▶ WHAT THE TASK ASKS: Below are lines of data, and only some are wanted. Please repeat exactly those from the line that has "Let sqr_amp l" through the line that has "have symc_ge0 a b : 0 <= symc l' r' a b :> C.".

(Collected data entries)
--

Lemma symcE l r a b : symc l r a b = (perm_eq [:: a; b] [:: l; r])%:R * w l r.
Proof.
rewrite /symc /w perm_eq_pair; have [<-|neq_lr] := eqVneq l r; first by rewrite orbb mulr1.
congr (_%:R * _).
by have [->|_] := eqVneq a l; rewrite ?(negbTE neq_lr) /= ?orbF ?addn0.
Qed.

Lemma sum_symc_mul (l r l' r' : 'I_d) :
  \sum_a \sum_b symc l r a b * symc l' r' a b = (perm_eq [:: l; r] [:: l'; r'])%:R :> C.
Proof.
under eq_bigr do under eq_bigr do rewrite !symcE mulrACA -mulrA.
rewrite sum_perm_pair_indicator (perm_catC [:: r] [:: l]) /=.
have [perm_lr | _] := boolP (perm_eq [:: l; r] [:: l'; r']); last by rewrite !mul0r mulr0 addr0.
have -> : w l' r' = w l r.
  by move: perm_lr; rewrite perm_eq_pair /w => /orP[] /andP[/eqP<- /eqP<-] //; rewrite eq_sym.
rewrite /w !mul1r; case: eqP => _ /=; first by rewrite mulr0n mul0r addr0 mulr1.
by rewrite mulr1n mul1r -mulr2n -invfM -expr2 sqrtCK -[_ *+ 2]mulr_natr mulVf // pnatr_eq0.
Qed.

Let amp (l r : 'I_d) : C := sqrtC ((1 + (l == r))%:R / (d.+1)%:R).

Let sqr_amp l r : amp l r * amp l r = (1 + (l == r))%:R / (d.+1)%:R.
Proof. by rewrite -expr2 sqrtCK. Qed.

Lemma sum_cloner_iso_mul (l l' r r' : 'I_d) (x : C) :
  \sum_a \sum_b cloner_iso l a b r * x * (cloner_iso l' a b r')^* =
  amp l r * amp l' r' * x * (perm_eq [:: l; r] [:: l'; r'])%:R.
Proof.
have amp_ge0 l1 r1 : 0 <= amp l1 r1 by rewrite sqrtC_ge0 divr_ge0 ?ler0n.
have symc_ge0 a b : 0 <= symc l' r' a b :> C.
  by rewrite symcE mulr_ge0 ?ler0n // /w; case: ifP; rewrite ?ler01 ?invr_ge0 ?sqrtC_ge0 ?ler0n.
rewrite -sum_symc_mul mulr_sumr; apply: eq_bigr => a _; rewrite mulr_sumr.
apply: eq_bigr => b _; rewrite /cloner_iso -/(amp l r) -/(amp l' r') rmorphM /= !geC0_conj //; ring.
Qed.

Lemma cloner_complE (rho : 'M[C]_d) :
  cloner_compl rho = (d.+1)%:R^-1 *: (\tr rho *: 1%:M + rho^T).
Proof.
apply/matrixP => r r'; rewrite !mxE.
under eq_bigr do rewrite exchange_big /=.
under eq_bigr do under eq_bigr do rewrite exchange_big /=.
rewrite exchange_big /=; under eq_bigr do rewrite exchange_big /=.
under eq_bigr do under eq_bigr do rewrite sum_cloner_iso_mul perm_eq_pair.
have [<-|neq_rr'] := eqVneq r r'.
  rewrite (eq_bigr (fun l => \sum_l' (l == l')%:R * (amp l r * amp l' r * rho l l'))).
    rewrite sum_diag_indicator mulr1n /mxtrace mulr1 -(sum_indicator (fun l => rho l l) r).
    rewrite -big_split mulr_sumr; apply: eq_bigr => l _ /=; rewrite sqr_amp natrD; ring.
  move=> l _; apply: eq_bigr => l' _; rewrite mulrC andbT; congr ((nat_of_bool _)%:R * _).
  by have [->|_] := eqVneq l r; rewrite ?orbF // eq_sym orbb.
rewrite (eq_bigr (fun l => \sum_l' ((l == r') && (l' == r))%:R * (amp l r * amp l' r' * rho l l'))).
  rewrite sum_pair_indicator; have -> : amp r' r = amp r r' by rewrite /amp eq_sym.
  by rewrite mulr0n mulr0 add0r sqr_amp (negbTE neq_rr') addn0 mul1r.
by move=> l _; apply: eq_bigr => l' _; rewrite mulrC andbF (eq_sym r).
Qed.
End Channel.

Theorem lemma2 (C : numClosedFieldType) (d : nat) (hd : (2 <= d)%N) :
  (forall rho : 'M[C]_d,
     cloner_compl rho =
       \sum_(j < d) Ediag j *m rho *m adjmx (Ediag j)
     + \sum_(n : {ffun 'I_d -> 'I_4} | first0 n) Evec n *m rho *m adjmx (Evec n))
  /\ \sum_(j < d) adjmx (Ediag j) *m Ediag j
     + \sum_(n : {ffun 'I_d -> 'I_4} | first0 n) adjmx (Evec n) *m Evec n
     = (1%:M : 'M[C]_d)
  /\ (forall j : 'I_d, \rank (@Ediag C d j) = 1%N)
  /\ (forall n : {ffun 'I_d -> 'I_4}, first0 n -> \rank (@Evec C d n) = 1%N).
Proof.
split.
  move=> rho; rewrite cloner_complE sum_Ediag_conj sum_Evec_conj -scalerDr.
  by rewrite [X in _ = _ *: X]addrC subrK.
split.
  rewrite sum_Ediag_adj sum_Evec_adj -scalerDl -[X in X + _]mul1r -mulrDl nat1r.
  by rewrite mulfV ?scale1r // pnatr_eq0.
split; first exact: rank_Ediag.
by move=> n _; apply: rank_Evec; apply: leq_trans hd.
Qed.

--

▶ SOLUTION:
Let sqr_amp l r : amp l r * amp l r = (1 + (l == r))%:R / (d.+1)%:R.
Proof. by rewrite -expr2 sqrtCK. Qed.

Lemma sum_cloner_iso_mul (l l' r r' : 'I_d) (x : C) :
  \sum_a \sum_b cloner_iso l a b r * x * (cloner_iso l' a b r')^* =
  amp l r * amp l' r' * x * (perm_eq [:: l; r] [:: l'; r'])%:R.
Proof.
have amp_ge0 l1 r1 : 0 <= amp l1 r1 by rewrite sqrtC_ge0 divr_ge0 ?ler0n.
have symc_ge0 a b : 0 <= symc l' r' a b :> C.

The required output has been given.